**Exercise objective:**
When a line below holds the string "choiceType", show that line.
═══
(* Let $H$ be an ideal geometric-value hash function with parameter $\frac{\gamma}{1+\gamma}$, and let the hash key $\zeta_i$ be drawn uniformly and be unknown to the adversary. In the procedure $\textsf{DPFMPS-Gen}$ (described in the context), for each fixed $i\in[M]$, the output row $\boldsymbol{A}_i=(\boldsymbol{A}_{i,1},\ldots,\boldsymbol{A}_{i,k'})$ (one set of partition sketches), viewed as a randomized function of the local dataset, is $\epsilon'$-differentially private, where $\epsilon'=\frac{\epsilon_2}{4\sqrt{M\log(1/\delta_2)}}$.
   Context: Differential privacy: a randomized algorithm $\mathcal{A}$ is $\epsilon$-DP if for all pairs of datasets $\mathbf{X},\mathbf{X}'$ differing in one user record (one user added or removed) and all sets $O$ of outputs, $\Pr[\mathcal{A}(\mathbf{X})\in O]\le e^{\epsilon}\Pr[\mathcal{A}(\mathbf{X}')\in O]$. A random variable $Y\sim\mathrm{Geometric}(p)$ takes values in $\{1,2,\ldots\}$ with $\Pr[Y\le z]=1-(1-p)^z$. An ideal geometric-value hash function $H:\mathcal{X}\times\mathbb{Z}\to\mathbb{N}_+$ with parameter $\frac{\gamma}{1+\gamma}$ ($\gamma>0$) is one such that, for a uniformly drawn key $\zeta$, for any finite set of distinct inputs $x_1,\ldots,x_t$ the values $H_\zeta(x_1),\ldots,H_\zeta(x_t)$ are i.i.d. $\mathrm{Geometric}(\frac{\gamma}{1+\gamma})$. Procedure $\mathtt{DPFM}(\mathcal{M},\epsilon',\gamma,\zeta)$ on a set $\mathcal{M}$ of user ids: set $n_p=\lceil 1/(e^{\epsilon'}-1)\rceil$ and $\alpha_{\min}=\lceil\log_{1+\gamma}\frac{1}{1-e^{-\epsilon'}}\rceil$; let $\alpha_p=\max\{Y_1,\ldots,Y_{n_p}\}$ with $Y_j$ fresh i.i.d. $\mathrm{Geometric}(\frac{\gamma}{1+\gamma})$; let $\alpha_{real}=\max\{H_\zeta(\mathtt{id}):\mathtt{id}\in\mathcal{M}\}$; return $\max\{\alpha_p,\alpha_{real},\alpha_{\min}\}$. Procedure $\textsf{DPFMPS-Gen}$ with inputs: local dataset $\mathbf{X}^{(\ell)}$ of records $x^{(\ell)}_{\mathtt{id}}$ indexed by user ids, a given set of centers $\{c^{(\ell)}_1,\ldots,c^{(\ell)}_{k'}\}$ (not depending on the protected data), parameters $\epsilon_2,\delta_2,\gamma,M$ and keys $\zeta_1,\ldots,\zeta_M$. It sets $\epsilon'=\frac{\epsilon_2}{4\sqrt{M\log(1/\delta_2)}}$, partitions user ids into $\mathcal{M}^{(\ell)}_1,\ldots,\mathcal{M}^{(\ell)}_{k'}$ with $\mathtt{id}\in\mathcal{M}^{(\ell)}_a$ iff $a=\arg\min_j\|x^{(\ell)}_{\mathtt{id}}-c^{(\ell)}_j\|_2^2$, and sets $\boldsymbol{A}_{i,a}=\mathtt{DPFM}(\mathcal{M}^{(\ell)}_a,\epsilon',\gamma,\zeta_i)$ for $i\in[M]$, $a\in[k']$. *)

From HB Require Import structures.
From mathcomp Require Import all_boot all_order all_algebra.
From mathcomp Require Import finmap.
From mathcomp Require Import all_classical all_reals all_analysis.
Set Implicit Arguments. Unset Strict Implicit. Unset Printing Implicit Defensive.
Import Order.TTheory GRing.Theory Num.Theory.
Local Open Scope ring_scope.
Local Open Scope classical_set_scope.
Local Open Scope fset_scope.

(* CDF of Geometric(p) on {1,2,...}: Pr[Y <= z] = 1 - (1-p)^z. *)
Definition geomCDF (R : realType) (p : R) (z : nat) : R := 1 - (1 - p) ^+ z.

Definition iid_geometric (R : realType) (d : measure_display)
  (Omega : measurableType d) (P : probability Omega R)
  (I : eqType) (G : I -> Omega -> nat) (p : R) : Prop :=
  (forall j z, measurable [set w | G j w = z]) /\
  (forall (s : seq I) (z : I -> nat), uniq s ->
     P [set w | forall j, j \in s -> (G j w <= z j)%N]
     = (\prod_(j <- s) geomCDF p (z j))%:E).

(* The randomness used by one row of DPFMPS-Gen: the hash values
   H_zeta(id) of all user ids, and the fresh geometric samples Y_{a,j}
   used by the call DPFM(M_a, ...) for partition a. *)
Definition hash_source (d : measure_display) (Omega : measurableType d)
  (idT : choiceType) (K : Type) (k : nat)
  (H : K -> idT -> nat) (zeta : Omega -> K) (Y : 'I_k -> nat -> Omega -> nat)
  : idT + ('I_k * nat) -> Omega -> nat :=
  fun j w => match j with
             | inl u => H (zeta w) u
             | inr aj => Y aj.1 aj.2 w
             end.

Definition sqdist (R : realType) (n : nat) (x y : 'rV[R]_n) : R :=
  \sum_(i < n) (x 0 i - y 0 i) ^+ 2.

Definition assign (R : realType) (n k : nat) (c : 'I_k.+1 -> 'rV[R]_n)
  (x : 'rV[R]_n) : 'I_k.+1 :=
  Order.arg_min (ord0 : 'I_k.+1) xpredT (fun j => sqdist x (c j)).

Definition dataset (R : realType) (idT : choiceType) (n : nat) :=
  {fmap idT -> 'rV[R]_n}.

Definition add_one (R : realType) (idT : choiceType) (n : nat)
  (X X' : dataset R idT n) : Prop :=
  exists (u : idT) (x : 'rV[R]_n), u \notin domf X /\ X' = X.[u <- x]%fmap.

Definition neighbors (R : realType) (idT : choiceType) (n : nat)
  (X X' : dataset R idT n) : Prop := add_one X X' \/ add_one X' X.

Definition eps_DP (R : realType) (d : measure_display)
  (Omega : measurableType d) (P : probability Omega R)
  (idT : choiceType) (n : nat) (Out : Type)
  (eps : R) (A : dataset R idT n -> Omega -> Out) : Prop :=
  forall X X' : dataset R idT n, neighbors X X' ->
  forall O : set Out,
    (P (A X @^-1` O) <= (expR eps)%:E * P (A X' @^-1` O))%E.

Definition eps_prime (R : realType) (eps2 delta2 : R) (M : nat) : R :=
  eps2 / (4 * Num.sqrt (M%:R * ln (delta2^-1))).

Definition n_p (R : realType) (eps' : R) : nat :=
  `|Num.ceil ((expR eps' - 1)^-1)|%N.

Definition alpha_min (R : realType) (eps' gamma : R) : nat :=
  `|Num.ceil (ln ((1 - expR (- eps'))^-1) / ln (1 + gamma))|%N.

(* DPFM(M_a, eps', gamma, zeta) with M_a the ids of X assigned to center a:
   max{alpha_p, alpha_real, alpha_min}. *)
Definition DPFM (R : realType) (d : measure_display) (Omega : measurableType d)
  (idT : choiceType) (K : Type) (n k : nat)
  (H : K -> idT -> nat) (zeta : Omega -> K) (Y : 'I_k.+1 -> nat -> Omega -> nat)
  (eps' gamma : R) (c : 'I_k.+1 -> 'rV[R]_n) (X : dataset R idT n)
  (a : 'I_k.+1) (w : Omega) : nat :=
  let alpha_p := (\max_(j < n_p eps') Y a j w)%N in
  let alpha_real := (\max_(u : domf X | assign c (X u) == a) H (zeta w) (val u))%N in
  maxn (maxn alpha_p alpha_real) (alpha_min eps' gamma).

Definition DPFMPS_row (R : realType) (d : measure_display) (Omega : measurableType d)
  (idT : choiceType) (K : Type) (n k : nat)
  (H : K -> idT -> nat) (zeta : Omega -> K) (Y : 'I_k.+1 -> nat -> Omega -> nat)
  (eps' gamma : R) (c : 'I_k.+1 -> 'rV[R]_n)
  (X : dataset R idT n) (w : Omega) : {ffun 'I_k.+1 -> nat} :=
  [ffun a => DPFM H zeta Y eps' gamma c X a w].

From HB Require Import structures.
From mathcomp Require Import all_boot all_order all_algebra.
From mathcomp Require Import finmap.
From mathcomp Require Import all_classical all_reals all_analysis.
From mathcomp Require Import ring lra.
Import Order.TTheory GRing.Theory Num.Theory.
Local Open Scope ring_scope.

(* Let G(z) = [alpha_min <= z] (1 - (1 + gamma)^-z).  By independence of
   the hash values and the fresh samples, the row of sketches of a dataset X
   has joint CDF  P[A <= b] = prod_a G(b_a)^(n_p + |M_a|),  so its probability
   mass function is the product of the increments G(z)^N - G(z-1)^N with
   N = n_p + |M_a|.  Adding or removing a user changes exactly one exponent N by
   one, and for 0 <= b <= a <= 1 the differences a^N - b^N and a^(N+1) - b^(N+1)
   are within a factor 1 + 1/N <= e^eps' of each other as soon as e^eps' a >= 1;
   the choices of n_p and alpha_min guarantee both conditions.  Summing this
   pointwise bound over the countably many outputs in a set O gives eps'-DP. *)

Section power_differences.
Context {R : realFieldType}.
Implicit Types a b e : R.

Lemma subrXX_ge a b N : 0 <= b -> b <= a -> b <= 1 ->
  N%:R * b ^+ N * (a - b) <= a ^+ N - b ^+ N.
Proof.
move=> b0 ba b1; rewrite subrXX [leRHS]mulrC ler_wpM2r ?subr_ge0 //.
have -> : N%:R * b ^+ N = \sum_(i < N) b ^+ N by rewrite sumr_const card_ord mulr_natl.
apply: ler_sum => i _.
have iN : (N.-1 - i + i <= N)%N by rewrite subnK ?leq_pred // -ltnS (leq_trans (ltn_ord i)) ?leqSpred.
apply: (le_trans (ler_wiXn2l b0 b1 iN)); rewrite exprD ler_wpM2r ?exprn_ge0 //.
by rewrite lerXn2r ?nnegrE // (le_trans b0).
Qed.

Let subrXX_succ a b N :
  a ^+ N.+1 - b ^+ N.+1 = a * (a ^+ N - b ^+ N) + b ^+ N * (a - b).
Proof. by rewrite !exprS; ring. Qed.

Lemma subrXX_le_succ a b e N : 0 <= b -> b <= a -> 1 <= e * a ->
  a ^+ N - b ^+ N <= e * (a ^+ N.+1 - b ^+ N.+1).
Proof.
move=> b0 ba ea; have a0 : 0 <= a := le_trans b0 ba.
have e0 : 0 <= e by nra.
have dN : 0 <= a ^+ N - b ^+ N by rewrite subr_ge0 lerXn2r ?nnegrE.
rewrite subrXX_succ; apply: (@le_trans _ _ (e * (a * (a ^+ N - b ^+ N)))).
  by rewrite mulrA -[leLHS]mul1r ler_wpM2r.
by rewrite ler_wpM2l // lerDl mulr_ge0 ?exprn_ge0 ?subr_ge0.
Qed.

Lemma subrXX_succ_le a b N : 0 <= b -> b <= a -> a <= 1 -> (0 < N)%N ->
  a ^+ N.+1 - b ^+ N.+1 <= (1 + N%:R^-1) * (a ^+ N - b ^+ N).
Proof.
move=> b0 ba a1 N0; have a0 : 0 <= a := le_trans b0 ba.
have dN : 0 <= a ^+ N - b ^+ N by rewrite subr_ge0 lerXn2r ?nnegrE.
rewrite subrXX_succ mulrDl mul1r lerD //.
  by rewrite -[leRHS]mul1r ler_wpM2r.
by rewrite ler_pdivlMl ?ltr0n // mulrA; apply: subrXX_ge; rewrite // (le_trans ba a1).
Qed.
End power_differences.

Section pmf_of_cdf.
Context {R : realFieldType}.

Definition pmf_of_cdf (C : nat -> R) (z : nat) : R :=
  C z - (if z is z'.+1 then C z' else 0).

Lemma pmf_of_cdf_ge0 (C : nat -> R) z : 0 <= C 0 ->
  {homo C : x y / (x <= y)%N >-> x <= y} -> 0 <= pmf_of_cdf C z.
Proof. by case: z => [|z] C0 C_homo; rewrite /pmf_of_cdf ?subr0 // subr_ge0 C_homo. Qed.

Lemma pmf_of_cdf_expr_ratio (G : nat -> R) e N z :
  0 <= G 0 -> (forall z, G z <= 1) -> {homo G : x y / (x <= y)%N >-> x <= y} ->
  (forall z, G z != 0 -> 1 <= e * G z) -> (0 < N)%N -> 1 + N%:R^-1 <= e ->
  pmf_of_cdf (fun z => G z ^+ N) z <= e * pmf_of_cdf (fun z => G z ^+ N.+1) z /\
  pmf_of_cdf (fun z => G z ^+ N.+1) z <= e * pmf_of_cdf (fun z => G z ^+ N) z.
Proof.
move=> G0 G1 G_homo Ge N0 eN.
have [b /andP[b0 bz] pmfE] : exists2 b, 0 <= b <= G z &
    forall M, (0 < M)%N -> pmf_of_cdf (fun z => G z ^+ M) z = G z ^+ M - b ^+ M.
  case: z => [|z]; last by exists (G z); rewrite ?(le_trans G0) ?G_homo.
  exists 0 => [|M M0]; first by rewrite lexx G0.
  by rewrite /pmf_of_cdf expr0n gtn_eqF.
rewrite !pmfE //; have [Gz0 | /Ge eGz] := eqVneq (G z) 0.
  have -> : b = 0 by apply: le_anti; rewrite b0 -Gz0 bz.
  by rewrite Gz0 !expr0n !subrr mulr0.
split; first exact: subrXX_le_succ.
apply: le_trans (subrXX_succ_le _ _ _ b0 bz (G1 z) N0) _.
by rewrite ler_wpM2r // subr_ge0 lerXn2r ?nnegrE // (le_trans b0).
Qed.
End pmf_of_cdf.

Section truncated_cdf.
Context {R : realFieldType} (m : nat) (F : nat -> R).
Hypothesis F01 : forall z, 0 <= F z <= 1.
Hypothesis F_homo : {homo F : x y / (x <= y)%N >-> x <= y}.

Definition trunc_cdf (z : nat) : R := (m <= z)%:R * F z.

Lemma trunc_cdf_ge0 z : 0 <= trunc_cdf z.
Proof. by rewrite mulr_ge0 // (andP (F01 z)).1. Qed.

Lemma trunc_cdf_le1 z : trunc_cdf z <= 1.
Proof. by rewrite /trunc_cdf; case: leqP; rewrite ?mul1r ?mul0r // (andP (F01 z)).2. Qed.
═══
**Exercise output:**
  (idT : choiceType) (K : Type) (k : nat)
Definition dataset (R : realType) (idT : choiceType) (n : nat) :=
Definition add_one (R : realType) (idT : choiceType) (n : nat)
Definition neighbors (R : realType) (idT : choiceType) (n : nat)
  (idT : choiceType) (n : nat) (Out : Type)
  (idT : choiceType) (K : Type) (n k : nat)
  (idT : choiceType) (K : Type) (n k : nat)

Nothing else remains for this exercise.